|Year : 2017 | Volume
| Issue : 2 | Page : 40-45
Comparison of two care schedules for monitoring of cardiotoxicity in patients receiving trastuzumab-based therapy for early-stage breast cancer: study protocol for a randomized controlled non-inferiority trial
Olexiy Aseyev1, Carol Stober2, Jeffrey Sulpher3, Mark Clemons3, Christopher Johnson3, Dean Fergusson4, Lisa Vandermeer2, Sasha Mazzarello2, Susan Dent3
1 Department of Medicine, Division of Medical Oncology, The Ottawa Hospital, University of Ottawa, Ottawa, ON; Department of Clinical Sciences, The Thunder Bay Regional Health Sciences Centre and Northern Ontario School of Medicine, Thunder Bay, ON, Canada
2 Ottawa Hospital Research Institute, University of Ottawa, Ottawa, ON, Canada
3 Department of Medicine, Division of Medical Oncology, The Ottawa Hospital, University of Ottawa, Ottawa, ON, Canada
4 Clinical Epidemiology Program, The Ottawa Hospital Research Institute, Ottawa, ON, Canada
|Date of Web Publication||10-Jul-2017|
Department of Medicine, Division of Medical Oncology, The Ottawa Hospital, University of Ottawa, Ottawa, ON; Department of Clinical Sciences, The Thunder Bay Regional Health Sciences Centre and Northern Ontario School of Medicine, Thunder Bay, ON
Source of Support: This work was supported by Internal Funding by Ottawa REaCT Program., Conflict of Interest: None
Background: Cardiotoxicity is a toxic side effect of trastuzumab-based therapy. Current guidelines for cardiac monitoring (every 3 months) in patients with human epidermal growth factor receptor 2 (HER2)-positive breast cancer receiving trastuzumab-based therapy have been dictated by the increased risk of cardiotoxicity observed in clinical trials. However, the majority of these patients are at a low risk of cardiac complications and may not require such frequent monitoring.
Objective: This randomized controlled clinical trial will be performed to demonstrate that cardiac monitoring (echocardiography (ECHO)/multiple gated acquisition scan (MUGA) every 4 months is not inferior to every 3 months in the detection of cardiac dysfunction (decrease in left ventricular ejection fraction (LVEF)) in patients receiving trastuzumab-based therapy for early-stage HER2-positive breast cancer.
Study period: From June 2016 to December 2018.
Study location: The Ottawa Hospital Cancer Centre.
Principal investigator: Dr. Olexiy Aseyev and Dr. Susan Dent at Department of Medicine, Division of Medical Oncology, The Ottawa Hospital, University of Ottawa, Canada.
Study design: A prospective, single-center, randomized controlled non-inferiority clinical trial.
Study population: A total of 200 patients with early-stage HER2-positive breast cancer (n = 100 in each group) receiving trastuzumab-based therapy will be enrolled.
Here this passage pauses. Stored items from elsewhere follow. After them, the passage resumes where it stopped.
Definition chan_eq (I J : finType) (G1 G2 : fmx I -> fmx J) : Prop :=
  forall M i j, G1 M i j = G2 M i j.

Definition GammaW (Z Cc : finType) (W : boi Z Cc) (sigma : 'M[C]_(bh W) -> C)
  (M : fmx Z) : fmx Cc :=
  fun c c' => \sum_(z : Z) \sum_(z' : Z)
     M z z' * sigma (adjmx (bW W c z) *m bW W c' z').

Definition QC (Z Cc : finType) (F : boi Z Cc -> Prop) (G : fmx Z -> fmx Cc) : Prop :=
  exists W, F W /\ exists sigma : 'M[C]_(bh W) -> C, is_state sigma /\ chan_eq G (GammaW sigma).

(* Generators: n, S_i = 'I_(s i), T_i = 'I_(t i),
   U_i : C^X -> C^A (x) C^{S_i} with entries U i a s x,
   V_i : C^Y -> C^B (x) C^{T_i} with entries V i b t y,
   sum_i U_i^* U_i = I_X, each V_i an isometry; the column [U_i (x) V_i]
   seen as a block operator over (XY,AB) with entries in B(C,K),
   K = (+)_i C^{S_i} (x) C^{T_i} identified with C^l via a bijection f. *)
Definition lowc_gen (X Y A B : finType) (W : boi (X * Y)%type (A * B)%type) : Prop :=
  exists (n : nat) (s t : 'I_n -> nat)
         (U : forall i : 'I_n, A -> 'I_(s i) -> X -> C)
         (V : forall i : 'I_n, B -> 'I_(t i) -> Y -> C)
         (l : nat) (f : 'I_l -> {i : 'I_n & ('I_(s i) * 'I_(t i))%type}),
    [/\ bijective f,
        (forall x x' : X,
           \sum_(i < n) \sum_(a : A) \sum_(k : 'I_(s i))
              (U i a k x)^* * U i a k x' = (x == x')%:R),
        (forall (i : 'I_n) (y y' : Y),
           \sum_(b : B) \sum_(k : 'I_(t i))
              (V i b k y)^* * V i b k y' = (y == y')%:R) &
        W = @Boi (X * Y)%type (A * B)%type 1 l
              (fun ab xy => \matrix_(k < l, j < 1)
                 let: existT i st := f k in
                 U i ab.1 st.1 xy.1 * V i ab.2 st.2 xy.2)].

Inductive Rlowc (X Y A B : finType) : boi (X * Y)%type (A * B)%type -> Prop :=
| Rlowc_gen W : lowc_gen W -> Rlowc W
| Rlowc_sum W1 W2 : Rlowc W1 -> Rlowc W2 -> Rlowc (dsum W1 W2).

Definition Qlowc (X Y A B : finType) (G : fmx (X * Y)%type -> fmx (A * B)%type) : Prop :=
  exists (n : nat) (Psi : 'I_n -> fmx X -> fmx A) (Phi : 'I_n -> fmx Y -> fmx B),
    [/\ (forall i, cp_map (Psi i)),
        tp_map (fun M a a' => \sum_(i < n) Psi i M a a'),
        (forall i, qchannel (Phi i)) &
        chan_eq G (fun M ab ab' => \sum_(i < n) tensor_map (Psi i) (Phi i) M ab ab')].

End LowC.

From HB Require Import structures.
From mathcomp Require Import all_boot all_order all_algebra.
From mathcomp Require Import reals complex spectral sesquilinear.
From mathcomp Require Import ring.
Set Implicit Arguments. Unset Strict Implicit. Unset Printing Implicit Defensive.
Import GRing.Theory Num.Theory Num.Def.
Local Open Scope ring_scope.
Local Open Scope sesquilinear_scope.

(* For a generator W = [U_i (x) V_i]_i the input space is H = C, so a positive
   functional sigma on B(H) is sigma(1) times evaluation, and Gamma_{W,sigma} is
   sigma(1) * sum_i Psi_i (x) Phi_i with Psi_i, Phi_i the maps with Kraus operators
   U_i, V_i; the isometry conditions on U and V say exactly that sum_i Psi_i is
   trace preserving and that each Phi_i is a channel.  On a direct sum W1 (+) W2 a
   state restricts to positive functionals on the two diagonal blocks, so Gamma
   splits into two such decompositions whose trace weights add up to
   sigma(1) = 1; the induction over R_lowc therefore tracks decompositions with
   an arbitrary weight sigma(1) >= 0.  Conversely, a completely positive map has
   Kraus operators, read off from a Gram factorisation G^* G of its positive
   semidefinite Choi matrix (spectral theorem), so every element of Q_lowc is
   Gamma_{W,sigma} for a single generator and the unique state on M_1.
   Separation: if S_{(x0,y0),(a0,b0)} <> 0, the generator embedding C^X and C^Y
   into the a0- and b0-summands has phi_W(S) <> 0. *)

Section LowcResource.
Variable R : realType.
Local Notation C := R[i].

Lemma sum_kronecker_l (I : finType) (x : I) (g : I -> C) :
  \sum_u (u == x)%:R * g u = g x.
Proof.
rewrite (bigD1 x) //= eqxx mul1r big1 ?addr0 // => u /negbTE ->; exact: mul0r.
Qed.
(* Let $P$ be the program with a single integer-valued program variable $n$ and no random variables: $n:=1$; while $n\ge1$ do if prob($\tfrac12$) then $n:=n+1$ else $n:=n-1$; $n:=n-1$ fi od. Then $P$ terminates almost surely and its expected termination time $\mathsf{ET}(P)$ (the expected value of $T$ in its stochastic game structure $\mathcal{G}_P$; there are no schedulers since there is no nondeterminism) is an irrational number.
   Context: The stochastic game structure $\mathcal{G}_P$ is built inductively: an assignment $x:=e$ gives two deterministic locations $\ell^{in},\ell^{out}$ and one transition $\ell^{in}\to\ell^{out}$ performing the update; a sequence $Q_1;Q_2$ identifies $\ell^{out}_{Q_1}$ with $\ell^{in}_{Q_2}$; a loop ''while $\phi$ do $Q$ od'' adds a deterministic location $\ell^{in}$ identified with $\ell^{out}_Q$, a new location $\ell^{out}$, and identity transitions $\ell^{in}\to\ell^{in}_Q$ with guard $\phi$ and $\ell^{in}\to\ell^{out}$ with guard $\neg\phi$; ''if prob($p$) then $Q_1$ else $Q_2$ fi'' adds a probabilistic location $\ell^{in}$ with identity transitions to $\ell^{in}_{Q_1}$ (probability $p$) and $\ell^{in}_{Q_2}$ (probability $1-p$), and identifies $\ell^{out}_{Q_1},\ell^{out}_{Q_2}$ with the statement's $\ell^{out}$. The program's final $\ell^{out}$ is the terminal location $\ell_{out}$ (with a self-loop). A run $c_1c_2\cdots$ starts at $c_1$ = (initial location, initial valuation) and each step follows one transition; $T=\min\{n:\text{the location of }c_n\text{ is }\ell_{out}\}$. *)

From Stdlib Require Import Reals ZArith List Bool.
Import ListNotations.
Open Scope R_scope.

Definition valuation := Z.

(* A transition: source location, guard, update, target location, and the
   probability with which it is taken (1 for transitions out of
   deterministic locations, p / 1-p out of probabilistic locations). *)
Record transition := mkTr {
  tr_src : nat;
  tr_guard : valuation -> bool;
  tr_upd : valuation -> valuation;
  tr_tgt : nat;
  tr_prob : R }.

Record sgs := mkSGS {
  locs_init : nat;
  loc_out : nat;
  trans : list transition }.

Definition config := (nat * valuation)%type.

Definition succ (G : sgs) (c : config) : list (R * config) :=
  map (fun t => (tr_prob t, (tr_tgt t, tr_upd t (snd c))))
      (filter (fun t => andb (Nat.eqb (tr_src t) (fst c)) (tr_guard t (snd c)))
              (trans G)).

(* hitT G m c = probability (under the run measure started with c_1 = c)
   that T = m, where T = min {m : location of c_m is loc_out}  (m >= 1). *)
Fixpoint hitT (G : sgs) (m : nat) (c : config) : R :=
  match m with
  | O => 0
  | S m' =>
      if Nat.eqb (fst c) (loc_out G) then (match m' with O => 1 | _ => 0 end)
      else match m' with
           | O => 0
           | _ => fold_right Rplus 0
                    (map (fun pc => fst pc * hitT G m' (snd pc)) (succ G c))
           end
  end.

Definition terminates_as (G : sgs) (c1 : config) : Prop :=
  infinite_sum (fun k => hitT G (S k) c1) 1.

Definition expected_time_is (G : sgs) (c1 : config) (e : R) : Prop :=
  infinite_sum (fun k => INR (S k) * hitT G (S k) c1) e.

Definition irrational (x : R) : Prop :=
  forall p q : Z, q <> 0%Z -> x <> IZR p / IZR q.

(* ---------- The game structure G_P of the program
   n:=1; while n>=1 do if prob(1/2) then n:=n+1 else n:=n-1; n:=n-1 fi od
   built by the inductive construction:
     0 --(n:=1)--> 1                         (assignment)
     1 --[n>=1]--> 2 ,  1 --[n<1]--> 6        (while; 1 = l_in of loop)
     2 --1/2--> 3 ,  2 --1/2--> 4             (probabilistic if)
     3 --(n:=n+1)--> 1                        (then branch, out = loop in)
     4 --(n:=n-1)--> 5 --(n:=n-1)--> 1        (else branch, sequence)
     6 --> 6                                  (terminal self-loop)   *)
Definition always (_ : valuation) := true.

Definition GP : sgs := mkSGS 0 6
  [ mkTr 0 always (fun _ => 1%Z) 1 1;
    mkTr 1 (fun n => Z.leb 1 n) (fun n => n) 2 1;
    mkTr 1 (fun n => negb (Z.leb 1 n)) (fun n => n) 6 1;
    mkTr 2 always (fun n => n) 3 (1/2);
    mkTr 2 always (fun n => n) 4 (1 - 1/2);
    mkTr 3 always (fun n => (n + 1)%Z) 1 1;
    mkTr 4 always (fun n => (n - 1)%Z) 5 1;
    mkTr 5 always (fun n => (n - 1)%Z) 1 1;
    mkTr 6 always (fun n => n) 6 1 ].

(* The loop is a random walk on n with increments +1 and -2, each with probability 1/2;
   an iteration takes 3 or 4 steps.  P(T < oo) and E[T] are limits of monotone partial
   sums, so they satisfy the one-step equations of the chain; a ranking supermartingale
   that is linear in n bounds E[T].  At the loop head both quantities therefore solve
   2 u(n) = u(n+1) + u(n-2) + b for n >= 1, with constant exit values for n <= 0, and
   grow at most linearly.  The characteristic polynomial x^3 - 2x^2 + 1 factors as
   (x - 1)(x^2 - x - 1); a solution with zero exit values is a multiple of a
   Fibonacci-like sequence, so linear growth forces it to vanish.  Hence termination is
   almost sure and E[T] = 10 - 7 psi = (13 + 7 sqrt 5) / 2 with psi = (1 - sqrt 5) / 2,
   which is irrational because sqrt 5 is. *)

From Stdlib Require Import Reals ZArith Znumtheory Lra Lia List.
Open Scope R_scope.

Lemma Un_cv_const (r : R) : Un_cv (fun _ => r) r.
Proof. intros eps Heps; exists 0%nat; intros n _; unfold Rdist; rewrite Rminus_diag, Rabs_R0; exact Heps. Qed.

Lemma Un_cv_ext (u v : nat -> R) (l : R) :
  (forall n, u n = v n) -> Un_cv u l -> Un_cv v l.
Proof. intros E H eps Heps; destruct (H eps Heps) as [N HN]; exists N; intros n Hn; rewrite <- E; auto. Qed.

Lemma Un_cv_S (u : nat -> R) (l : R) : Un_cv u l -> Un_cv (fun n => u (S n)) l.
Proof. intros H eps Heps; destruct (H eps Heps) as [N HN]; exists N; intros n Hn; apply HN; lia. Qed.

Lemma Un_cv_bounds (u : nat -> R) (l a b : R) :
  Un_cv u l -> (forall n, a <= u n <= b) -> a <= l <= b.
Proof.
  intros Hu Hab; split.
  - apply (Rle_cv_lim (Un := fun _ => a) (Vn := u)); [apply Hab | apply Un_cv_const | exact Hu].
  - apply (Rle_cv_lim (Un := u) (Vn := fun _ => b)); [apply Hab | exact Hu | apply Un_cv_const].
Qed.

Lemma growing_bounded_cv (u : nat -> R) (K : R) :
  Un_growing u -> (forall n, u n <= K) -> {l | Un_cv u l}.
Proof. intros Hg Hb; apply growing_cv; [exact Hg|]; exists K; intros x [n ->]; apply Hb. Qed.

Section Expectation.

Context {A : Type}.

Definition expect (d : list (R * A)) (f : A -> R) : R :=
  fold_right Rplus 0 (map (fun pc => fst pc * f (snd pc)) d).

Lemma expect_plus d f g : expect d (fun x => f x + g x) = expect d f + expect d g.
Proof. unfold expect; induction d as [|[p x] d IH]; simpl; [ring|]; rewrite IH; ring. Qed.

Lemma expect_scal d a f : expect d (fun x => a * f x) = a * expect d f.
Proof. unfold expect; induction d as [|[p x] d IH]; simpl; [ring|]; rewrite IH; ring. Qed.

Lemma expect_ext d f g : (forall x, f x = g x) -> expect d f = expect d g.
Proof. intros E; unfold expect; induction d as [|[p x] d IH]; simpl; [ring|]; rewrite IH, E; ring. Qed.

Lemma expect_nonneg d f :
  Forall (fun pc => 0 <= fst pc) d -> (forall x, 0 <= f x) -> 0 <= expect d f.
Proof.
  intros Hd Hf; unfold expect; induction Hd as [|[p x] d Hp Hd IH]; simpl in *; [lra|].
  pose proof (Hf x); nra.
Qed.

Lemma expect_le d f g :
  Forall (fun pc => 0 <= fst pc) d -> (forall x, f x <= g x) -> expect d f <= expect d g.
Proof.
  intros Hd Hfg; unfold expect; induction Hd as [|[p x] d Hp Hd IH]; simpl in *; [lra|].
  pose proof (Hfg x); nra.
Qed.

Lemma expect_cv d (f : nat -> A -> R) (g : A -> R) :
  (forall x, Un_cv (fun M => f M x) (g x)) -> Un_cv (fun M => expect d (f M)) (expect d g).
Proof.
  intros Hf; unfold expect; induction d as [|[p x] d IH]; simpl.
  - apply Un_cv_const.
  - apply CV_plus; [apply CV_mult; [apply Un_cv_const | apply Hf] | exact IH].
Qed.

End Expectation.

Definition step (G : sgs) (f : config -> R) (c : config) : R := expect (succ G c) f.

Definition mass (G : sgs) (M : nat) (c : config) : R :=
  sum_f_R0 (fun k => hitT G (S k) c) M.

Definition moment (G : sgs) (M : nat) (c : config) : R :=
  sum_f_R0 (fun k => INR (S k) * hitT G (S k) c) M.

Section RunSums.

Variable G : sgs.

Lemma hitT_terminal m c :
  fst c = loc_out G -> hitT G (S m) c = match m with O => 1 | _ => 0 end.
Proof. intros Hc; simpl; rewrite Hc, Nat.eqb_refl; reflexivity. Qed.

Lemma hitT_1 c : fst c <> loc_out G -> hitT G 1 c = 0.
Proof. intros Hc; simpl; apply Nat.eqb_neq in Hc; rewrite Hc; reflexivity. Qed.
Inclusion criteria: Patients with histologically confirmed early-stage HER2-positive breast cancer receiving trastuzumab-based therapy, who are over 18 years of age, have a normal baseline LVEF (> 53%) and are able to provide verbal consent will be included in this study.
Exclusion criteria: Patients will be excluded if they have any contraindication to transthoracic echocardiography or MUGA.
Randomization: Eligible and consented patients will be randomized using a permuted block design to receive cardiac evaluation (by either transthoracic echocardiography or MUGA) every 3 months, or every 4 months while on treatment, 100 patients for each type of cardiac evaluation.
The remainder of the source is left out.